How can I find decompositions in $\mathbb{Z}[\sqrt{d}]$? Decompositions in $\mathbb{Z}$
In $\mathbb{Z}$ you can find a decomposition of any element $n \in \mathbb{Z}$ by factorization such that
$$n = \prod_{p \in \mathbb{P}} p^{v_p(n)}$$
So for a concrete example:
$$48 = 2 \cdot 24 = 2^2 \cdot 12 = 2^3 \cdot 6 = 2^4 \cdot 3$$
Decompsitions in $\mathbb{Z}[\sqrt{d}]$
Now let $R := (\mathbb{Z}[\sqrt{d}], +, \cdot)$ be a ring with $d \in \mathbb{Z}$ and
$$\mathbb{Z}[\sqrt{d}] := \{a + b \cdot \sqrt{d} | a, b \in \mathbb{Z}\}$$
You can composite more elements in this ring, e.g. for $d = -1$
$$-i \cdot (1+i)^2 = -i (1 + 2i - 1) = -i(2i) = 2$$
So obviously at least one prime in $\mathbb{Z}$ has a decomposition in $\mathbb{Z}[i]$.
Questions
Is there any algorithm with which I can find such a decomposition of any prime $p$ and for any $d$? Are there decompositions of numbers $a+b\sqrt{d}$ with $a \neq 0 \neq b$ (and of course $d \neq 0$)?
Can you please describe it generally and with $17$?
If $b = 0$ I can factorize $a$ as I know it in $\mathbb{Z}$, but as soon as I only have prime numbers left, I might still be able to further factorize the number.
Is the decomposition in $\mathbb{Z}[\sqrt{d}]$ unique? According to fundamental theorem of arithmetic it is unique in $\mathbb{Z}$, but I don't know if it is still true for $\mathbb{Z}[\sqrt{d}]$.
 A: Uniqueness of the factorization in $\mathbb Z[\sqrt{d}]$
The best we can expect is that a factorization into irreducibles is unique up to permuting the factors and multiplying factors with units. Rings in which every element has an unique (in this sense) factorization are called unique factorization domain (UFD). For example, the ring of the Gaussian integers ($d=-1$) is an UFD. But not all rings $\mathbb{Z}[\sqrt{d}]$ are UFDs, a counterexample is the ring $\mathbb{Z}[\sqrt{-3}]$, in which $4 = 2\cdot 2 = (1 + \sqrt{-3})(1 - \sqrt{-3})$ has two factorizations.
Computation of the factorization in $\mathbb Z[\sqrt{d}]$
An important tool for such rings is the norm function
$$N : R \to \mathbb{N}, \quad a + b\sqrt{d}\mapsto \lvert{(a + b\sqrt{d})(a - b\sqrt{d})\rvert}.$$
Its crucial property is that it is multiplicative ($N(xy) = N(x)N(y)$). We get the following consequences:


*

*$x\in R^\times \iff N(x) = 1$

*$N(x)$ prime in $\mathbb{Z} \implies x$ irreducible in $R$

*Each proper factorization of $x\in R$ implies a proper factorization of $N(x)$ in $\mathbb{Z}$.

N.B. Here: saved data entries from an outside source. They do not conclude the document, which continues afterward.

Lemma clamp_in a b x : a <= b -> a <= clamp a b x <= b.
Proof. intros; unfold clamp, Rmax, Rmin; repeat destruct Rle_dec; lra. Qed.

Lemma clamp_id a b x : a <= x <= b -> clamp a b x = x.
Proof. intros; unfold clamp, Rmax, Rmin; repeat destruct Rle_dec; lra. Qed.

Lemma clamp_dist a b x y : Rabs (clamp a b y - clamp a b x) <= Rabs (y - x).
Proof.
  unfold clamp, Rmax, Rmin, Rabs; repeat destruct Rle_dec; repeat destruct Rcase_abs; lra.
Qed.

Lemma continuity_pt_comp_clamp (h : R -> R) a b x : a <= b ->
  (forall y, a <= y <= b ->
     filterlim h (within (fun z => a <= z <= b) (locally y)) (locally (h y))) ->
  continuity_pt (fun y => h (clamp a b y)) x.
Proof.
  intros Hab Hh. apply continuity_pt_filterlim.
  eapply filterlim_comp; [| apply Hh, clamp_in, Hab].
  intros P [eps HP]. exists eps. intros y Hy. apply HP; [| apply clamp_in, Hab].
  eapply Rle_lt_trans; [apply clamp_dist | exact Hy].
Qed.

Lemma is_derive_comp_clamp (h : R -> R) a b x l : a < x < b ->
  is_derive h x l -> is_derive (fun y => h (clamp a b y)) x l.
Proof.
  intros Hx. apply is_derive_ext_loc.
  assert (Hloc : locally x (fun y => a < y < b))
    by (apply (open_and _ _ (open_gt a) (open_lt b)), Hx).
  eapply filter_imp; [| exact Hloc].
  intros y Hy. rewrite clamp_id; lra.
Qed.

Lemma RInt_comp_clamp (h : R -> R) a b : a <= b ->
  RInt h a b = RInt (fun x => h (clamp a b x)) a b.
Proof. intros Hab. apply RInt_ext_le; [exact Hab |]. intros x Hx. rewrite clamp_id; lra. Qed.

Theorem lemma5p1 (a b : R) (phi phi' : R -> R) :
  a < b ->
  C1_closed a b phi phi' ->
  (forall x, a <= x <= b -> 0 < phi x) ->
  (forall p q : R, 0 < p -> 0 < q ->
     RInt (fun x => Rpower (phi x) (- p)) a b <=
       Rpower q (2 * p / q) * Rpower (b - a) ((p + q) / q) *
         rpow (RInt (fun x => Rpower (phi x) (- q - 2) * (phi' x) ^ 2) a b) (p / q)
       + Rpower 2 (2 * p / q) * Rpower (b - a) (p + 1) *
         Rpower (RInt phi a b) (- p))
  /\
  (- RInt (fun x => ln (phi x)) a b <=
     Rpower (b - a) (3 / 2) *
       sqrt (RInt (fun x => (phi' x) ^ 2 / (phi x) ^ 2) a b)
     - (b - a) * ln (RInt phi a b) + (b - a) * ln (b - a)).
Proof.
  intros Hab [Hd Hc] Hpos.
  set (f := fun x => phi (clamp a b x)). set (f' := fun x => phi' (clamp a b x)).
  assert (f_cont : forall x, a <= x <= b -> continuity_pt f x)
    by (intros; apply continuity_pt_comp_clamp; [lra | apply Hc]).
  assert (f'_cont : forall x, a <= x <= b -> continuity_pt f' x)
    by (intros; apply continuity_pt_comp_clamp; [lra | apply Hc]).
  assert (f_pos : forall x, a <= x <= b -> 0 < f x)
    by (intros; apply Hpos, clamp_in; lra).
  assert (f_deriv : forall x, a < x < b -> is_derive f x (f' x)).
  { intros x Hx. unfold f'. rewrite clamp_id by lra.
    apply is_derive_comp_clamp, Hd; exact Hx. }
  rewrite (RInt_comp_clamp phi) by lra.
  split.
  - intros p q Hp Hq.
    rewrite (RInt_comp_clamp (fun x => Rpower (phi x) (- p))),
      (RInt_comp_clamp (fun x => Rpower (phi x) (- q - 2) * phi' x ^ 2)) by lra.
    exact (RInt_Rpower_opp_le a b f f' Hab f_cont f'_cont f_pos f_deriv p q Hp Hq).
  - rewrite (RInt_comp_clamp (fun x => ln (phi x))),
      (RInt_comp_clamp (fun x => phi' x ^ 2 / phi x ^ 2)) by lra.
    exact (opp_RInt_ln_le a b f f' Hab f_cont f'_cont f_pos f_deriv).
Qed.
End Operators.

Section Derived.
Variables (a b c : prf) (xs : seq nat) (va vb vc : nat).
Hypotheses (Ha : eval a xs va) (Hb : eval b xs vb) (Hc : eval c xs vc).

Lemma eval_Pif : eval (Pif c a b) xs (if vc is 0 then vb else va).
Proof.
apply: eval_eq (eval_Padd (eval_Pmul (eval_Pnz Hc) Ha) (eval_Pmul (eval_Peq0 Hc) Hb)) _.
by case: (vc); rewrite /= ?mul1n ?mul0n ?addn0.
Qed.

Lemma eval_Pleq : eval (Pleq a b) xs (va <= vb).
Proof. exact: eval_Peq0 (eval_Psub Ha Hb). Qed.

Lemma eval_Pltn : eval (Pltn a b) xs (va < vb).
Proof. exact: eval_Peq0 (eval_Psub (eval_Psucc Ha) Hb). Qed.

End Derived.

Lemma eval_Por a b xs (ba bb : bool) :
  eval a xs ba -> eval b xs bb -> eval (Por a b) xs (ba || bb).
Proof. by move=> Ha Hb; apply: eval_eq (eval_Pnz (eval_Padd Ha Hb)) _; case: (ba); case: (bb). Qed.

(** * Evaluation with bounded searches *)

Section PrfInd.
Variable P : prf -> Prop.
Hypotheses (HZ : P PZero) (HS : P PSucc) (HP : forall i, P (PProj i)).
Hypothesis HC : forall f gs, P f -> foldr (fun g Q => P g /\ Q) True gs -> P (PComp f gs).
Hypothesis HR : forall f g, P f -> P g -> P (PRec f g).
Hypothesis HM : forall f, P f -> P (PMu f).

Fixpoint prf_nested_ind (p : prf) : P p :=
  match p with
  | PZero => HZ | PSucc => HS | PProj i => HP i
  | PComp f gs => HC (prf_nested_ind f)
      ((fix all_ind gs : foldr (fun g Q => P g /\ Q) True gs :=
          if gs is g :: gs' then conj (prf_nested_ind g) (all_ind gs') else I) gs)
  | PRec f g => HR (prf_nested_ind f) (prf_nested_ind g)
  | PMu f => HM (prf_nested_ind f)
  end.
End PrfInd.

(* State of a search for the least zero of [v], which codes a value [y] as [y.+1] and
   "undefined" as [0]: [0] while searching, [1] after an undefined value, [z.+2] once the
   zero [z] is found. *)
Definition mu_step (v : nat -> nat) (i st : nat) : nat :=
  if st is 0 then (if v i is 0 then 1 else if (v i).-1 is 0 then i.+2 else 0) else st.

Definition mu_search (v : nat -> nat) (n : nat) : nat := iteri n (mu_step v) 0.

Lemma mu_search_eq0 v n : mu_search v n = 0 <-> (forall z, z < n -> 1 < v z).
Proof.
elim: n => [|n IH]; first by split.
rewrite /mu_search iteriS -/(mu_search v n) /mu_step.
case: (mu_search v n) IH => [|st] IH; last first.
  by split=> // H; suff: st.+1 = 0 by []; apply/IH => z hz; apply/H/ltnW.
have {IH} [/(_ erefl) Hlt _] := IH; split.
  case Ev: (v n) => [|[|w]] // _ z; rewrite ltnS leq_eqVlt => /orP[/eqP ->|/Hlt //].
  by rewrite Ev.
by move=> H; move: (H n (ltnSn n)); case: (v n) => [|[|w]].
Qed.

Lemma mu_search_eqSS v n z :
  mu_search v n = z.+2 <-> [/\ z < n, v z = 1 & forall z', z' < z -> 1 < v z'].
Proof.
elim: n => [|n IH]; first by split=> // [[]].
rewrite /mu_search iteriS -/(mu_search v n) /mu_step.
case E: (mu_search v n) => [|st].
  have Hlt := (mu_search_eq0 v n).1 E; split.
    by case Ev: (v n) => [|[|w]] //= [<-]; split.
  case; rewrite ltnS leq_eqVlt => /orP[/eqP -> -> //|hz Hz _].
  by have := Hlt z hz; rewrite Hz.
rewrite -E IH; split=> -[hz Hz Hmin]; split=> //; first exact: ltnW.
move: hz; rewrite ltnS leq_eqVlt => /orP[/eqP Ezn|//].
by move: E; rewrite (mu_search_eq0 v n).2 // -Ezn.
Qed.

(* Evaluation in which every unbounded search only tests witnesses below [s];
   the result [0] means "no value", and [y.+1] codes the value [y]. *)
Fixpoint bounded_eval (p : prf) (s : nat) (xs : seq nat) {struct p} : nat :=
  match p with
  | PZero => 1
  | PSucc => (nth 0 xs 0).+2
  | PProj i => (nth 0 xs i).+1
  | PComp f gs =>
      if all (fun v => v != 0) (map (fun g => bounded_eval g s xs) gs)
      then bounded_eval f s (map predn (map (fun g => bounded_eval g s xs) gs)) else 0
  | PRec f g =>
      if xs is n :: xs' then
        iteri n (fun i r => if r is 0 then 0 else bounded_eval g s (i :: r.-1 :: xs'))
          (bounded_eval f s xs')
      else 0
  | PMu f => (mu_search (fun z => bounded_eval f s (z :: xs)) s).-1
  end.

Lemma map_succ_pred vs : all (fun v => v != 0) vs -> map S (map predn vs) = vs.
Proof. by elim: vs => [|[|v] vs IH] //= /IH ->. Qed.

Lemma bounded_eval_sound p s xs y : bounded_eval p s xs = y.+1 -> eval p xs y.
Proof.
elim/prf_nested_ind: p s xs y => [||i|f gs IHf IHgs|f g IHf IHg|f IHf] s xs y /=.
- by case=> <-; constructor.
- by case=> <-; constructor.
- by case=> <-; constructor.
- case: ifP => // /map_succ_pred Evs /IHf; apply: eComp.
  elim: gs IHgs Evs => [|g gs IH] /=; first by move=> *; apply: esNil.
  by case=> Hg Hgs [Eg /(IH Hgs)]; apply: esCons; apply: Hg; rewrite Eg.
- case: xs => [|n xs] //; elim: n y => [|n IH] y /=; first by move/IHf; constructor.
  by case E: (iteri n _ _) => [|r] // /IHg; apply: eRecS (IH _ E).
- case E: (mu_search _ _) => [|[|z]] // [<-].
  have [_ /IHf Hz Hmin] := (mu_search_eqSS _ _ _).1 E; constructor => // z' /Hmin.
  case: (bounded_eval f s (z' :: xs)) (IHf s (z' :: xs)) => [|[|w]] // Hw _.
  by exists w; apply: Hw.
Qed.

Lemma bounded_eval_mono p s s' xs : s <= s' ->
  bounded_eval p s xs != 0 -> bounded_eval p s' xs = bounded_eval p s xs.
Proof.
elim/prf_nested_ind: p s s' xs => [||i|f gs IHf IHgs|f g IHf IHg|f IHf] s s' xs Hs //=.
- case: ifP => // Hall Hf.
  have -> : map (fun g => bounded_eval g s' xs) gs = map (fun g => bounded_eval g s xs) gs.
    elim: gs IHgs Hall {Hf} => [|g gs IH] //= [Hg Hgs] /andP[Hgnz /(IH Hgs) ->].
    by rewrite (Hg _ _ _ Hs).
  by rewrite Hall (IHf _ _ _ Hs).
- case: xs => [|n xs] //; elim: n => [|n IH] /=; first exact: IHf.
  by case E: (iteri n _ _) => [|r] // Hr; rewrite IH ?E //= (IHg _ _ _ Hs).
- case E: (mu_search _ _) => [|[|z]] // _.
  have [Hz Hz1 Hmin] := (mu_search_eqSS _ _ _).1 E.
  rewrite ((mu_search_eqSS _ _ z).2 _) //; split.
  + exact: leq_trans Hz Hs.
  + by rewrite (IHf _ _ _ Hs) ?Hz1.
  + move=> z' /Hmin; case Ev: (bounded_eval f s (z' :: xs)) => [|v] // Hv.
    by rewrite (IHf _ _ _ Hs) ?Ev.
Qed.

Lemma bounded_eval_monoS p s s' xs y : s <= s' ->
  bounded_eval p s xs = y.+1 -> bounded_eval p s' xs = y.+1.
Proof. by move=> Hs E; rewrite (bounded_eval_mono Hs) ?E. Qed.

Section EvalInd.
Variables (P : prf -> seq nat -> nat -> Prop) (Ps : seq prf -> seq nat -> seq nat -> Prop).
Hypothesis HZ : forall xs, P PZero xs 0.
Hypothesis HS : forall xs, P PSucc xs (nth 0 xs 0).+1.
Hypothesis HP : forall i xs, P (PProj i) xs (nth 0 xs i).
Hypothesis HC : forall f gs xs ys y,
  Ps gs xs ys -> P f ys y -> P (PComp f gs) xs y.
Hypothesis HR0 : forall f g xs y, P f xs y -> P (PRec f g) (0 :: xs) y.
Hypothesis HRS : forall f g n xs r y,
  P (PRec f g) (n :: xs) r -> P g (n :: r :: xs) y -> P (PRec f g) (n.+1 :: xs) y.
Hypothesis HM : forall f xs y, P f (y :: xs) 0 ->
  (forall z, z < y -> exists v, P f (z :: xs) v.+1) -> P (PMu f) xs y.
Hypothesis HN : forall xs, Ps [::] xs [::].
Hypothesis HCons : forall g gs xs y ys, P g xs y -> Ps gs xs ys -> Ps (g :: gs) xs (y :: ys).

Fixpoint eval_nested_ind p xs y (H : eval p xs y) {struct H} : P p xs y :=
  match H in eval p xs y return P p xs y with
  | eZero xs => HZ xs
  | eSucc xs => HS xs
  | eProj i xs => HP i xs
  | eComp f gs xs ys y Hgs Hf => HC (evals_nested_ind Hgs) (eval_nested_ind Hf)
  | eRec0 f g xs y Hf => HR0 g (eval_nested_ind Hf)
  | eRecS f g n xs r y Hr Hg => HRS (eval_nested_ind Hr) (eval_nested_ind Hg)
  | eMu f xs y H0 Hlt => HM (eval_nested_ind H0) (fun z hz =>
      let: ex_intro v Hv := Hlt z hz in ex_intro _ v (eval_nested_ind Hv))
  end
with evals_nested_ind gs xs ys (H : evals gs xs ys) {struct H} : Ps gs xs ys :=
  match H in evals gs xs ys return Ps gs xs ys with
  | esNil xs => HN xs
  | esCons g gs xs y ys Hg Hgs => HCons (eval_nested_ind Hg) (evals_nested_ind Hgs)
  end.
End EvalInd.

Lemma bounded_eval_complete p xs y : eval p xs y -> exists s, bounded_eval p s xs = y.+1.
Proof.
pose Ps gs xs ys := exists s, map (fun g => bounded_eval g s xs) gs = map S ys.
have Ps_mono gs xs' ys s s' : s <= s' ->
    map (fun g => bounded_eval g s xs') gs = map S ys ->
    map (fun g => bounded_eval g s' xs') gs = map S ys.
  move=> Hs; elim: gs ys => [|g gs IH] [|v vs] //= [Eg /IH ->].
  by rewrite (bounded_eval_monoS Hs Eg).
move=> H; apply: (eval_nested_ind (P := fun p xs y => exists s, bounded_eval p s xs = y.+1)
  (Ps := Ps) _ _ _ _ _ _ _ _ _ H) => {p xs y H}.
- by move=> xs; exists 0.
- by move=> xs; exists 0.
- by move=> i xs; exists 0.
- move=> f gs xs ys y [s1 E1] [s2 E2]; exists (maxn s1 s2) => /=.
  rewrite (Ps_mono _ _ _ _ _ (leq_maxl _ _) E1).
  have -> : all (fun v => v != 0) (map S ys) by apply/allP => _ /mapP[v _ ->].
  rewrite (mapK succnK).
  exact: bounded_eval_monoS (leq_maxr _ _) E2.
- by move=> f g xs y [s E]; exists s.
- move=> f g n xs r y [s1 E1] [s2 E2]; exists (maxn s1 s2).
  move: (bounded_eval_monoS (leq_maxl s1 s2) E1) => /= ->.
  exact: bounded_eval_monoS (leq_maxr _ _) E2.
- move=> f xs y [s0 E0] Hlt.
  have [s1 E1] : exists s, forall z, z < y -> 1 < bounded_eval f s (z :: xs).
    apply: ex_uniform_bound; last by move=> z /Hlt [v [s Es]]; exists s; rewrite Es.
    move=> z s s' Hs.
    by case E: (bounded_eval f s (z :: xs)) => [|v] //; rewrite (bounded_eval_monoS Hs E).
  pose s := maxn (maxn s0 s1) y.+1; exists s => /=.
  have [Hs0 Hs1 Hy] : [/\ s0 <= s, s1 <= s & y < s].
    by split; rewrite /s !leq_max leqnn ?orbT.
  rewrite ((mu_search_eqSS _ _ y).2 _) //; split=> //; first exact: bounded_eval_monoS Hs0 E0.
  move=> z /E1; case Ev: (bounded_eval f s1 (z :: xs)) => [|v] //.
  by rewrite (bounded_eval_monoS Hs1 Ev).
- by move=> xs; exists 0.
- move=> g gs xs y ys [s1 E1] [s2 E2]; exists (maxn s1 s2) => /=.
  by rewrite (bounded_eval_monoS (leq_maxl _ _) E1) (Ps_mono _ _ _ _ _ (leq_maxr _ _) E2).
Qed.

(** * Bounded evaluation is primitive recursive *)

(* [Pproj_below k i] reads [0] beyond the first [k] arguments, as [nth] does, so that the
   stage passed as an extra last argument is never read as an argument of [p]. *)
Definition Pproj_below k i := if i < k then PProj i else PZero.

Definition Pall_nz (qs : seq prf) := foldr (fun q r => Pmul (Pnz q) r) (Pconst 1) qs.

Lemma eval_Pall_nz qs xs vs :
  evals qs xs vs -> eval (Pall_nz qs) xs (all (fun v => v != 0) vs).
Proof.
elim: qs vs => [|q qs IH] vs H; first by rewrite (evals_inv0 H); apply: eval_Pconst.
have [v [vs' [-> Hq Hqs]]] := evals_invS H.
by apply: eval_eq (eval_Pmul (eval_Pnz Hq) (IH _ Hqs)) _; rewrite mulnb.
Qed.

Definition Pbounded_comp (tf : prf) (tgs : seq prf) k :=
  Pif (Pall_nz tgs) (PComp tf (rcons (map Ppred tgs) (PProj k))) PZero.

Definition Pbounded_rec (tf tg : prf) k :=
  PRec tf (Pif (PProj 1) (PComp tg [:: PProj 0, Ppred (PProj 1) & map PProj (iota 2 k)]) PZero).

Definition Pmu_step (tf : prf) k :=
  let V := PComp tf (PProj 0 :: map PProj (iota 2 k.+1)) in
  Pif (PProj 1) (PProj 1) (Pif V (Pif (Ppred V) PZero (Padd (PProj 0) (Pconst 2))) (Pconst 1)).
(* For all $n\ge 1$, $|F_n(321,1423,4123)|=F_{n+1}-1$, where $F_n$ is the $n$-th Fibonacci number with $F_0=F_1=1$ and $F_n=F_{n-1}+F_{n-2}$ for $n\ge 2$.
   Context: A permutation $\pi$ avoids a classical pattern $p\in S_k$ if no subsequence of $\pi$ of length $k$ is order-isomorphic to $p$. A Fishburn permutation is a permutation $\pi=\pi_1\cdots\pi_n$ of $[n]$ for which there are no indices $i<j$ with $\pi_j<\pi_i<\pi_{i+1}$ and $\pi_i=\pi_j+1$. $F_n(\sigma_1,\dots,\sigma_k)$ denotes the set of Fishburn permutations of length $n$ avoiding each of the classical patterns $\sigma_1,\dots,\sigma_k$. *)

From mathcomp Require Import all_boot all_fingroup.
Set Implicit Arguments. Unset Strict Implicit. Unset Printing Implicit Defensive.

(* A permutation pi of [n] is represented as s : 'S_n (a permutation of
   {0,...,n-1}); pi_i (1-based) corresponds to (s (i-1)).+1.  Only order
   comparisons and differences of values matter, so this shift is harmless. *)

(* Classical pattern containment: the pattern p is given in one-line notation
   as a sequence of naturals (e.g. [:: 3; 2; 1] for 321).  s contains p iff
   some strictly increasing choice of size p positions of s gives a
   subsequence order-isomorphic to p. *)
Definition contains_pattern (n : nat) (s : 'S_n) (p : seq nat) : bool :=
  [exists f : {ffun 'I_(size p) -> 'I_n},
     [forall i : 'I_(size p), forall j : 'I_(size p),
        ((i < j)%N ==> (f i < f j)%N) &&
        ((nth 0 p i < nth 0 p j)%N == (s (f i) < s (f j))%N)]].

Definition avoids (n : nat) (s : 'S_n) (p : seq nat) : bool :=
  ~~ contains_pattern s p.

Definition fishburn (n : nat) (s : 'S_n) : bool :=
  ~~ [exists i : 'I_n, exists j : 'I_n, exists i1 : 'I_n,
        [&& (i < j)%N, (i1 : nat) == i.+1, (s j < s i)%N, (s i < s i1)%N
          & (s i : nat) == (s j).+1]].

Definition Fish_avoid (n : nat) (pats : seq (seq nat)) : {set 'S_n} :=
  [set s : 'S_n | fishburn s && all (avoids s) pats].

Fixpoint fib (n : nat) : nat :=
  match n with
  | 0 => 1
  | 1 => 1
  | (m.+1 as m1).+1 => fib m1 + fib m
  end.

From mathcomp Require Import all_boot all_fingroup.
From mathcomp Require Import zify.
Set Implicit Arguments. Unset Strict Implicit. Unset Printing Implicit Defensive.

(* The core result [admissible_good] shows that
   an admissible permutation of {0,...,m-1} either ends with the fixed point
   m-1, or ends with the descent (m-1)(m-2), or is the exceptional
   permutation 2 0 3 4 ... (m-1) 1 ([special]); conversely, each of these
   endings applied to an admissible permutation of the shorter segment is
   admissible.

   Counting: [goodset n m] collects the permutations of 'I_n that are
   admissible on {0,...,m-1} and fix every point from m on.  Splitting by
   the three endings gives c(m+2) = c(m+1) + c(m) + [m > 0], whose solution
   with c(0) = c(1) = 1 is c(m) = F_{m+1} - 1 for m >= 1; the theorem is the
   case m = n. *)

Definition permN (m : nat) (g : nat -> nat) : Prop :=
  [/\ forall x y, x < m -> y < m -> g x = g y -> x = y,
      forall u, u < m -> exists2 x, x < m & g x = u
    & forall x, x < m -> g x < m].

Definition fishburnN (m : nat) (g : nat -> nat) : Prop :=
  forall i j, i < j -> j < m -> i.+1 < m ->
    g j < g i -> g i < g i.+1 -> g i = (g j).+1 -> False.
Definition has321 (m : nat) (g : nat -> nat) : Prop :=
  exists a b c, [/\ a < b, b < c, c < m, g b < g a & g c < g b].
Definition has1423 (m : nat) (g : nat -> nat) : Prop :=
  exists a b c d, [/\ a < b, b < c, c < d, d < m & [/\ g a < g c, g c < g d & g d < g b]].
Definition has4123 (m : nat) (g : nat -> nat) : Prop :=
  exists a b c d, [/\ a < b, b < c, c < d, d < m & [/\ g b < g c, g c < g d & g d < g a]].

Definition admissible (m : nat) (g : nat -> nat) : Prop :=
  [/\ fishburnN m g, ~ has321 m g, ~ has1423 m g & ~ has4123 m g].

(* The exceptional admissible permutation 3 1 4 5 ... m 2 (0-based:
   2 0 3 4 ... (m-1) 1), extended by the identity beyond m. *)
Definition special (m j : nat) : nat :=
  if j == 0 then 2 else if j == 1 then 0 else if j == m.-1 then 1
  else if j < m then j.+1 else j.

Definition is_special (m : nat) (g : nat -> nat) : Prop :=
  3 <= m /\ forall j, j < m -> g j = special m j.

(* Injectivity, in the contrapositive form used by arithmetic reasoning. *)
Lemma permN_neq m g x y : permN m g -> x < m -> y < m -> x <> y -> g x <> g y.
Proof. by move=> [inj _ _] xm ym xy /(inj _ _ xm ym). Qed.

Lemma admissible_mono m m' g : m' <= m -> admissible m g -> admissible m' g.
Proof.
move=> le [fi a b c]; split.
- by move=> i j ij jm i1m; apply: fi => //; lia.
- by move=> [x [y [z [? ? ? ? ?]]]]; apply: a; exists x, y, z; split=> //; lia.
- by move=> [x [y [z [w [? ? ? ? ?]]]]]; apply: b; exists x, y, z, w; split=> //; lia.
- by move=> [x [y [z [w [? ? ? ? ?]]]]]; apply: c; exists x, y, z, w; split=> //; lia.
Qed.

As a result, we get the following method to factor $x$ in $R$: First compute $N(x)$. For each factor $a$ of $N(x)$ (in $\mathbb Z$), enumerate all elements of $R$ with norm $a$ (up to multiplication with units, there are only finitely many), and test if $x$ is divisible by $a$. Then continue with the two factors you found.
This is the basic idea of factorization in $R$. The method can be refined by special knowledge about the ring $R$ (depending on $d$).
Example: Factorization of $x = 17$ in the ring of Gaussian numbers $\mathbb{Z}[i]$
Here $N(x) = \lvert x\rvert^2$ and $N(17) = 17^2$.
Assume $17 = rs$ with $r,s\in R\setminus R^\times$.
Application of $N$ yields $N(17) = N(rs)$, so $17^2 = N(r)N(s)$ and hence $N(r) = N(s) = 17$.
To find the elements of norm $17$, we look at the norm equation $N(a + bi) = a^2 + b^2 = 17$.
The 8 solutions are $(a,b)\in\{(\pm 1, \pm 4), (\pm 4, \pm 1)\}$.
So up to multiplication with units (the units in $R$ are $\pm 1$ and $\pm i$), the elements of norm $17$ are $1 + 4i$ and $1 - 4i$.
This leads to the factorization
$$
17 = (1 + 4i)(1 - 4i).
$$